第一次搜身后,一些活动人士裤子被拉到胯部一半,鞋子只能拎在手里。护照被抢走后,我们被带进一个黑暗、潮湿的金属集装箱。

殴打就是从那时开始的。以色列海军士兵对我们拳打脚踢。一些活动人士遭到电击枪电击,另一些人的膝盖和脚踝被踩踏,还有人被抓捏生殖器。

根据船队一名医生在船上做的快速统计,仅第一艘被拦截船只上的被扣押者中,至少就有35人肋骨骨折,另有10多起侵害指控。船队中已有数人目前在土耳其住院。

我们被打后关进那个冰冷的集装箱里,还能听见后来被拦截的其他船只上的活动人士被带来时发出的喊叫声。他们浑身湿透,气喘吁吁,眼神发直。很多人连鞋都没了。

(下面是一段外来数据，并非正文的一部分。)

(* Let $G$ be a connected triangle-free graph with no full star-cutset. Then $G$ has no cut-vertex of degree at least three. Moreover, if $G$ is not a path with at most $4$ vertices, then $G$ has minimum degree at least $2$.
   Context: A full star-cutset of a connected graph $G$ is a set $N[u]=\{u\}\cup N(u)$ whose removal disconnects $G$. *)

(* A finite simple graph is a symmetric irreflexive
   relation e on a finType T (vertex set = T). *)
From mathcomp Require Import all_boot.
Set Implicit Arguments. Unset Strict Implicit. Unset Printing Implicit Defensive.

Section Graphs.
Variables (T : finType) (e : rel T).

Definition induced_rel (S : {set T}) : rel T :=
  [rel x y | [&& e x y, x \in S & y \in S]].

Definition connected_on (S : {set T}) : Prop :=
  S != set0 /\ forall x y, x \in S -> y \in S -> connect (induced_rel S) x y.

Definition connected_graph : Prop := connected_on [set: T].

(* removal of X disconnects G: two remaining vertices are not joined by a
   path in G - X (so G - X is nonempty and not connected) *)
Definition disconnects (X : {set T}) : Prop :=
  exists x y, [/\ x \notin X, y \notin X & ~~ connect (induced_rel (~: X)) x y].

Definition closed_nbhd (u : T) : {set T} := u |: [set v | e u v].

Definition full_star_cutset (X : {set T}) : Prop :=
  exists u, X = closed_nbhd u /\ disconnects X.

Definition has_full_star_cutset : Prop := exists X, full_star_cutset X.

Definition triangle_free : Prop := forall x y z, ~ [&& e x y, e y z & e x z].

Definition deg (v : T) : nat := #|[set w | e v w]|.

Definition cut_vertex (v : T) : Prop := disconnects [set v].

Definition is_path_graph (n : nat) : Prop :=
  exists f : 'I_n -> T, bijective f /\
    forall i j : 'I_n, e (f i) (f j) = ((i.+1 == j :> nat) || (j.+1 == i :> nat)).

End Graphs.

(* Let [G] have no full star-cutset, so that [G - N[a]] is connected for every
   vertex [a].  If a cut-vertex [v] had three neighbours [a], [b], [c], they
   would be pairwise non-adjacent; then [b] and [c] are joined in
   [G - N[a] <= G - v], likewise [a] and [c], and every vertex of [G - v] lies in
   [N[a]] or is joined to [b] outside [N[a]]: so [G - v] is connected.
   For a vertex [v] of degree one with neighbour [u] and a second neighbour
   [w] of [u], the component of [v] in [G - N[w]] is [{v}], so every vertex
   other than [v] lies in [N[w]]; triangle-freeness then pins down the
   neighbourhoods, and one more star-cutset [N[z]] at a further neighbour [z]
   of [w] shows that there is no fifth vertex. *)
From mathcomp Require Import all_boot.
Set Implicit Arguments. Unset Strict Implicit. Unset Printing Implicit Defensive.

Lemma connect_stable (T : finType) (r : rel T) (A : pred T) x y :
  (forall a b, a \in A -> r a b -> b \in A) ->
  x \in A -> connect r x y -> y \in A.
Proof.
move=> stA xA /connectP [p]; elim: p x xA => [|z p IHp] x xA /=; first by move=> _ ->.
by case/andP => rxz pz; apply: IHp (stA _ _ xA rxz) pz.
Qed.

Section Graphs.
Variables (T : finType) (e : rel T).
Hypotheses (e_sym : symmetric e) (e_irr : irreflexive e).

Local Notation connect_in S := (connect (induced_rel e S)).

Lemma in_closed_nbhd a x : (x \in closed_nbhd e a) = (x == a) || e a x.
Proof. by rewrite !inE. Qed.

Lemma induced_rel_sym S : symmetric (induced_rel e S).
Proof. by move=> x y; rewrite /induced_rel /= e_sym [(x \in S) && _]andbC. Qed.

Lemma connect_induced_sym S x y : connect_in S x y = connect_in S y x.
Proof. exact/sym_connect_sym/induced_rel_sym. Qed.

Lemma connect_induced_subset (S S' : {set T}) x y : S \subset S' ->
  connect_in S x y -> connect_in S' x y.
Proof.
move=> sSS'; apply: connect_sub => a b /and3P [eab aS bS].
by apply: connect1; rewrite /induced_rel /= eab !(subsetP sSS').
Qed.

Lemma connected_graph_connect : connected_graph e -> forall x y, connect e x y.
Proof.
case=> _ conn x y; rewrite -(@eq_connect _ (induced_rel e [set: T])).
  exact: conn (in_setT x) (in_setT y).
by move=> a b; rewrite /induced_rel /= !inE !andbT.
Qed.

Lemma connect_outside_closed_nbhd a x y : ~ has_full_star_cutset e ->
  x \notin closed_nbhd e a -> y \notin closed_nbhd e a ->
  connect_in (~: closed_nbhd e a) x y.
Proof.
move=> noFSC xN yN; apply/negPn/negP => nxy.
by apply: noFSC; exists (closed_nbhd e a), a; split=> //; exists x, y.
Qed.

Lemma path_graph_of_seq (s : seq T) (x0 : T) :
  uniq s -> (forall x, x \in s) ->
  (forall i j, i < size s -> j < size s ->
     e (nth x0 s i) (nth x0 s j) = (i.+1 == j) || (j.+1 == i)) ->
  is_path_graph e (size s).
Proof.
move=> s_uniq s_all s_edges.
exists (fun i : 'I_(size s) => nth x0 s i); split; last by move=> i j; apply: s_edges.
apply: inj_card_bij.
  by move=> i j /eqP; rewrite nth_uniq // => /eqP; apply: val_inj.
rewrite card_ord; apply: leq_trans (card_size s).
by apply: subset_leq_card; apply/subsetP => x _; apply: s_all.
Qed.

Hypotheses (Gtf : triangle_free e) (noFSC : ~ has_full_star_cutset e).

Lemma cut_vertex_deg_lt3 v : cut_vertex e v -> deg e v < 3.
Proof.
case=> [x0 [y0 [x0v y0v nx0y0]]]; rewrite ltnNge; apply/negP.
case/card_gt2P => [a [b [c [[va vb vc] [ab bc ca]]]]].
move: va vb vc; rewrite !inE => eva evb evc.
have notv x : e v x -> x \in ~: [set v].
  by rewrite !inE; apply: contraTneq => ->; rewrite e_irr.
have join_outside a' x y : e v a' -> x \notin closed_nbhd e a' ->
    y \notin closed_nbhd e a' -> connect_in (~: [set v]) x y.
  move=> eva' xN yN; apply: connect_induced_subset (connect_outside_closed_nbhd noFSC xN yN).
  by rewrite setCS sub1set in_closed_nbhd e_sym eva' orbT.
have nbr_out a' b' : e v a' -> e v b' -> a' != b' -> b' \notin closed_nbhd e a'.
  move=> eva' evb' a'b'; rewrite in_closed_nbhd negb_or eq_sym a'b'.
  by apply/negP => ea'b'; apply: (@Gtf a' v b'); rewrite [e a' v]e_sym eva' evb' ea'b'.
have join_bc : connect_in (~: [set v]) b c.
  by apply: (join_outside a) => //; apply: nbr_out; rewrite // eq_sym.
have join_ac : connect_in (~: [set v]) a c.
  by apply: (join_outside b) => //; apply: nbr_out; rewrite // eq_sym.
have join_a y : y \in ~: [set v] -> connect_in (~: [set v]) a y.
  move=> yv; case: (boolP (y \in closed_nbhd e a)) => [|yN].
    rewrite in_closed_nbhd => /orP [/eqP ->|eay]; first exact: connect0.
    by rewrite connect1 // /induced_rel /= eay notv.
  apply: connect_trans join_ac _; rewrite connect_induced_sym in join_bc.
  exact: connect_trans join_bc (join_outside _ _ _ eva (nbr_out _ _ eva evb ab) yN).
move/negP: nx0y0; apply; apply: connect_trans (join_a _ _); last by rewrite inE.
by rewrite connect_induced_sym join_a // inE.
Qed.

Hypothesis Gconn : connected_graph e.

Lemma isolated_path_graph v : deg e v = 0 -> is_path_graph e 1.
Proof.
move/cards0_eq => Nv.
have all_v x : x = v.
  apply/eqP; apply: (connect_stable (A := pred1 v)) (connected_graph_connect Gconn v x).
    by move=> a b /eqP -> evb; have := in_set0 b; rewrite -Nv inE evb.
  by rewrite inE.
apply: (path_graph_of_seq (s := [:: v]) (x0 := v)) => // [x|[|i] [|j] //=].
by rewrite (all_v x) inE.
Qed.

Section Leaf.
Variables v u : T.
Hypothesis e_v : forall y, e v y = (y == u).

Let evu : e v u. Proof. by rewrite e_v. Qed.
Let euv : e u v. Proof. by rewrite e_sym. Qed.
Let uv : u != v. Proof. by apply: contraTneq evu => ->; rewrite e_irr. Qed.

Lemma leaf_path_graph2 : (forall w, e u w -> w = v) -> is_path_graph e 2.
Proof.
move=> e_u.
have all_vu x : x \in [:: v; u].
  apply: (connect_stable _ _ (connected_graph_connect Gconn v x)); last by rewrite inE eqxx.
  move=> a b; rewrite !inE => /orP [] /eqP ->; first by rewrite e_v => ->; rewrite orbT.
  by move/e_u ->; rewrite eqxx.
apply: (path_graph_of_seq (s := [:: v; u]) (x0 := v)) => //; first by rewrite /= inE eq_sym uv.
by move=> [|[|i]] [|[|j]] //=; rewrite ?e_irr.
Qed.

Variable w : T.
Hypotheses (euw : e u w) (wv : w != v).

Let ewu : e w u. Proof. by rewrite e_sym. Qed.
Let wu : w != u. Proof. by apply: contraTneq euw => ->; rewrite e_irr. Qed.
Let evw : e v w = false. Proof. by rewrite e_v (negbTE wu). Qed.
Let ewv : e w v = false. Proof. by rewrite e_sym. Qed.

(* In [G - N[w]] the vertex [v] is isolated, as its only neighbour [u] is in [N[w]]. *)
Lemma leaf_closed_nbhd_cover x : x != v -> x \in closed_nbhd e w.
Proof.
move=> xv; apply/negPn/negP => xN.
have vN : v \notin closed_nbhd e w by rewrite in_closed_nbhd negb_or eq_sym wv ewv.
move/negP: xv; apply.
apply: (connect_stable (A := pred1 v) _ _ (connect_outside_closed_nbhd noFSC vN xN)).
  move=> a b /eqP -> /and3P []; rewrite e_v => /eqP -> _.
  by rewrite !inE ewu orbT.
by rewrite inE.
Qed.

Lemma leaf_nbr_nbr x : e u x -> (x == v) || (x == w).
Proof.
move=> eux; case: (eqVneq x v) => //= xv.
move: (leaf_closed_nbhd_cover xv); rewrite in_closed_nbhd => /orP [-> //| ewx].
by exfalso; apply: (@Gtf u w x); rewrite euw ewx eux.
Qed.

Lemma leaf_path_graph3 : (forall z, z \in [:: v; u; w]) -> is_path_graph e 3.
Proof.
move=> all_vuw; apply: (path_graph_of_seq (s := [:: v; u; w]) (x0 := v)) => //.
  by rewrite /= !inE !negb_or !(eq_sym v) (eq_sym u w) uv wv wu.
by move=> [|[|[|i]]] [|[|[|j]]] //=; rewrite ?e_irr ?evw ?ewv.
Qed.

Variable z : T.
Hypothesis z_new : z \notin [:: v; u; w].

Let zv : z != v. Proof. by move: z_new; rewrite !inE !negb_or => /and3P []. Qed.
Let zu : z != u. Proof. by move: z_new; rewrite !inE !negb_or => /and3P []. Qed.
Let zw : z != w. Proof. by move: z_new; rewrite !inE !negb_or => /and3P []. Qed.
Let ewz : e w z.
Proof. by have := leaf_closed_nbhd_cover zv; rewrite in_closed_nbhd (negbTE zw). Qed.
Let ezw : e z w. Proof. by rewrite e_sym. Qed.
Let euz : e u z = false.
Proof. by apply/negP => /leaf_nbr_nbr; rewrite (negbTE zv) (negbTE zw). Qed.
Let ezu : e z u = false. Proof. by rewrite e_sym. Qed.
Let evz : e v z = false. Proof. by rewrite e_v (negbTE zu). Qed.
Let ezv : e z v = false. Proof. by rewrite e_sym. Qed.

Lemma leaf_far_nbr y : e z y -> y = w.
Proof.
move=> ezy; apply/eqP; case: (eqVneq y w) => // yw.
have yv : y != v by apply: contraTneq ezy => ->; rewrite ezv.
move: (leaf_closed_nbhd_cover yv); rewrite in_closed_nbhd (negbTE yw) /= => ewy.
by exfalso; apply: (@Gtf w z y); rewrite ewz ezy ewy.
Qed.

(* The component of [v] in [G - N[z]] is [{v, u}]. *)
Lemma leaf_path_graph4 : is_path_graph e 4.
Proof.
have all_vuwz x : x \in [:: v; u; w; z].
  rewrite !inE; apply/negPn/negP; rewrite !negb_or => /and4P [xv xu xw xz].
  have vN : v \notin closed_nbhd e z by rewrite in_closed_nbhd negb_or eq_sym zv ezv.
  have xN : x \notin closed_nbhd e z.
    by rewrite in_closed_nbhd negb_or xz; apply: contra xw => /leaf_far_nbr ->.
  have : x \in [:: v; u].
    have := connect_outside_closed_nbhd noFSC vN xN.
    apply: (connect_stable (A := mem [:: v; u])).
      move=> a b; rewrite !inE => /orP [] /eqP -> /and3P [eab _ bN].
        by move: eab; rewrite e_v => ->; rewrite orbT.
      case/orP: (leaf_nbr_nbr eab) => /eqP E; first by rewrite E eqxx.
      by move: bN; rewrite E !inE ezw orbT.
    by rewrite inE eqxx.
  by rewrite !inE (negbTE xv) (negbTE xu).
apply: (path_graph_of_seq (s := [:: v; u; w; z]) (x0 := v)) => //.
  by rewrite /= !inE !negb_or !(eq_sym v) (eq_sym u w) (eq_sym u z) (eq_sym w z) uv wv wu zv zu zw.
by move=> [|[|[|[|i]]]] [|[|[|[|j]]]] //=; rewrite ?e_irr ?evw ?ewv ?evz ?ezv ?euz ?ezu.
Qed.

End Leaf.

Lemma leaf_path_graph v : deg e v = 1 -> exists n, n <= 4 /\ is_path_graph e n.
Proof.
move/eqP/cards1P => [u Nv].
have e_v y : e v y = (y == u) by rewrite -in_set1 -Nv inE.
case: (boolP [exists w, e u w && (w != v)]) => [/existsP [w /andP [euw wv]]|]; last first.
  rewrite negb_exists => /forallP no_w; exists 2; split=> //; apply: (leaf_path_graph2 e_v).
  by move=> w euw; apply/eqP; have := no_w w; rewrite euw negbK.
case: (boolP [exists z, z \notin [:: v; u; w]]) => [/existsP [z z_new]|]; last first.
  rewrite negb_exists => /forallP all_vuw; exists 3; split=> //.
  by apply: (leaf_path_graph3 e_v euw wv) => z; have := all_vuw z; rewrite negbK.
by exists 4; split=> //; apply: (leaf_path_graph4 e_v euw wv z_new).
Qed.

End Graphs.

Theorem mainTheorem17 (T : finType) (e : rel T)
  (e_sym : symmetric e) (e_irr : irreflexive e)
  (Gconn : connected_graph e) (Gtf : triangle_free e)
  (Gnfsc : ~ has_full_star_cutset e) :
  (forall v : T, cut_vertex e v -> deg e v < 3) /\
  ((~ exists n, n <= 4 /\ is_path_graph e n) -> forall v : T, 2 <= deg e v).
Proof.
split=> [|not_short_path v]; first exact: cut_vertex_deg_lt3.
rewrite leqNgt; apply/negP; rewrite ltnS leq_eqVlt ltnS leqn0 => /orP [/eqP deg1 | /eqP deg0].
  by apply: not_short_path; apply: (leaf_path_graph e_sym e_irr Gtf Gnfsc Gconn deg1).
by apply: not_short_path; exists 1; split=> //; apply: (isolated_path_graph e_irr Gconn deg0).
Qed.
(* Let $\nu\in\mathbb{R}$ and let $\phi$ be a smooth function with $\lim_{x\to\mp\infty}\phi(x)=\pm1$, $\phi'\in L^2(\mathbb{R})$ and $\int_{\mathbb{R}}(1+|x|)|\phi'(x)|\,dx<\infty$. Let $x_0:\mathbb{R}_+\to\mathbb{R}$ be continuously differentiable and let $v$ be a sufficiently regular solution of $$v_t-v_{xx}-\dot x_0 v_x-\dot x_0\phi'+\phi'v+\phi v_x+vv_x+\nu v_{xxx}=0$$ with $\int_{\mathbb{R}}|v(0,x)|^2(1+|x|)\,dx<\infty$. Assume that $t\mapsto\|v(t,\cdot)\|_{L^2}$ is nonincreasing and that there is $C_0$ such that for all $t>0$ $$\int_0^t|\dot x_0(s)|^2\,ds+\int_0^t\|v_x(s,\cdot)\|_{L^2}^2\,ds\le C_0.$$ Then there is a constant $C$ such that for every $T>0$ $$\sup_{0<t<T}\int_{\mathbb{R}}v^2(t,x)|x|\,dx+\int_0^T\|v(t,\cdot)\|_{L^2}^2\,dt\le C.$$ Consequently $\|v(t,\cdot)\|_{L^2}\le Ct^{-1/2}$ for all $t>0$, and for every $p\in(1,2)$ there is $C_p$ with $\sup_{t>0}\|v(t,\cdot)\|_{L^p}\le C_p$.
   Context: All functions are real-valued; $\dot x_0$ denotes $dx_0/dt$ and $v_x$ the spatial derivative. *)

From Stdlib Require Import Reals.
From Coquelicot Require Import Coquelicot.
Open Scope R_scope.

(* integral over the whole real line (improper Riemann integral);
   only used for nonnegative continuous integrands, where it agrees with
   the Lebesgue integral *)
Definition integrable_R (f : R -> R) : Prop :=
  ex_RInt_gen f (Rbar_locally m_infty) (Rbar_locally p_infty).
Definition int_R (f : R -> R) : R :=
  RInt_gen f (Rbar_locally m_infty) (Rbar_locally p_infty).

Definition L2sq (f : R -> R) : R := int_R (fun x => (f x) ^ 2).
Definition L2norm (f : R -> R) : R := sqrt (L2sq f).

Definition rpow (a p : R) : R := if Rle_dec a 0 then 0 else Rpower a p.

Definition Lpnorm (p : R) (f : R -> R) : R :=
  rpow (int_R (fun x => rpow (Rabs (f x)) p)) (/ p).
(* Beyond the current node [z] of a simple augmenting path, (F, S) still agrees with
   (F0, S0); the source entry of an index node [z] has already been removed. *)
Definition untouched (F0 : list A) (S0 : list (nat * V)) (z : V + nat) (zs : list (V + nat))
  (F : list A) (S : list (nat * V)) : Prop :=
  (forall e, In (inl (tail e)) (z :: zs) -> In e F -> In e F0) /\
  (forall e, In (inl (head e)) (z :: zs) -> In e F0 -> In e F) /\
  (forall j v, In (inr j) zs -> In (j, v) S0 -> In (j, v) S).

Definition source_node (z : V + nat) : nat := match z with inl _ => 0 | inr _ => 1 end.

Section Augmentation.
Variables (F0 : list A) (S0 : list (nat * V)).

Lemma push_forward e zs F S :
  arcs e -> ~ In e F0 -> NoDup (inl (tail e) :: inl (head e) :: zs) ->
  untouched F0 S0 (inl (tail e)) (inl (head e) :: zs) F S -> flow_valid F S ->
  excess_at (inl (tail e)) F S ->
  flow_valid (e :: F) S /\ excess_at (inl (head e)) (e :: F) S /\
  untouched F0 S0 (inl (head e)) zs (e :: F) S.
Proof.
  intros Harc HeF0 Hn [U1 [U2 U3]] [HF [HFa HS]] Hex.
  inversion Hn as [|? ? Hx _]; subst.
  assert (HeF : ~ In e F) by (intro HeF; apply HeF0, U1; simpl; auto).
  split; [|split].
  - split; [constructor; auto|split; auto]. intros a [<-|Ha]; auto.
  - intros y Hy. specialize (Hex y Hy). unfold indeg, outdeg in *. simpl. lia.
  - split; [|split].
    + intros e' Ht [<-|He']; [contradiction|]. apply U1; simpl; auto.
    + intros e' Hh He'. right. apply U2; simpl; auto.
    + intros j v Hj. apply U3; simpl; auto.
Qed.
Lemma tZ0_shift N k n h :
  tZ0 N k (n + h)%N h =
  \sum_(d < n.+1) \sum_(t : (h + d)%N.-tuple 'I_k.+1 | in_tI0 k (n + h) h (map val t) (n - d))
     zetat N (map val t) (n - d)%N.
Proof.
pose F r := \sum_(t : r.-tuple 'I_k.+1 | in_tI0 k (n + h) h (map val t) (n + h - r))
  zetat N (map val t) (n + h - r).
rewrite /tZ0 -/(\sum_(r < (n + h).+1) F r) -(big_mkord xpredT F).
rewrite (big_cat_nat _ (n := h)) //=; last exact/leqW/leq_addl.
rewrite [X in X + _]big1_seq ?add0r; last first.
  (* an [r]-tuple has at most [r] entries exceeding 1 *)
  move=> r; rewrite mem_index_iota => /andP [_ rh].
  rewrite /F big_pred0 // => t; apply/negP => /and5P [_ _ _ _ /andP [_ /eqP hc]].
  have := count_size (fun x => 1 < x)%N (map val t).
  by rewrite hc size_map size_tuple; lia.
rewrite -[X in index_iota X _]add0n big_addn subSn ?leq_addl // addnK big_mkord.
apply: eq_bigr => d _; rewrite /F addnC.
by have -> : (n + h - (h + d) = n - d)%N by rewrite [(h + d)%N]addnC subnDr.
Qed.

Theorem proposition5p4 (N : nat) (hN : (0 < N)%N) : Phi0Y N = RHS0 N.
Proof.
apply: functional_extensionality => a; apply: functional_extensionality => b.
apply: functional_extensionality => c.
rewrite /Phi0Y /RHS0 tZ0_shift; apply: eq_bigr => d _.
have d_le_b : (d <= b)%N by rewrite -ltnS.
rewrite G0Y_zetat // (@sum_tuple_widen _ _ _ (a + (b + c.+1) + c.+1)
  (in_I0 (a + (c.+1 + d) + c.+1) (c.+1 + d) c.+1) (zetat N ^~ (b - d)%N)).
- apply: eq_bigl => t.
  by rewrite (@in_tI0_in_I0 _ (a + (c.+1 + d) + c.+1) _ (c.+1 + d)) ?size_map ?size_tuple //; lia.
- lia.
- by move=> s /and5P [_ _ _ /eqP <- _]; apply: all_leq_sumn.
Qed.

军舰甲板上,有一群以色列人在等着他们。土耳其穆斯林活动人士在走上甲板前高喊“真主至大”。另一些活动人士则因恐惧而尖叫。他们知道,以色列人会羞辱他们。但从集装箱里出去后,所有人都沉默了。

谁要是敢离开集装箱再回到甲板上,就会被舰艏最高处一名狙击手发出的绿色激光瞄准。相比之下,待在那个金属箱子里反而更安全。我们睡在湿漉漉的地板上,身体紧紧挤在一起,或者努力调整姿势,免得四肢在金属板上失去知觉。

第二天夜里,所有被拦截船只上的人都被送来后,里面已经再也塞不下更多人。一些活动人士开始守在门边,但始终待在箱子里面。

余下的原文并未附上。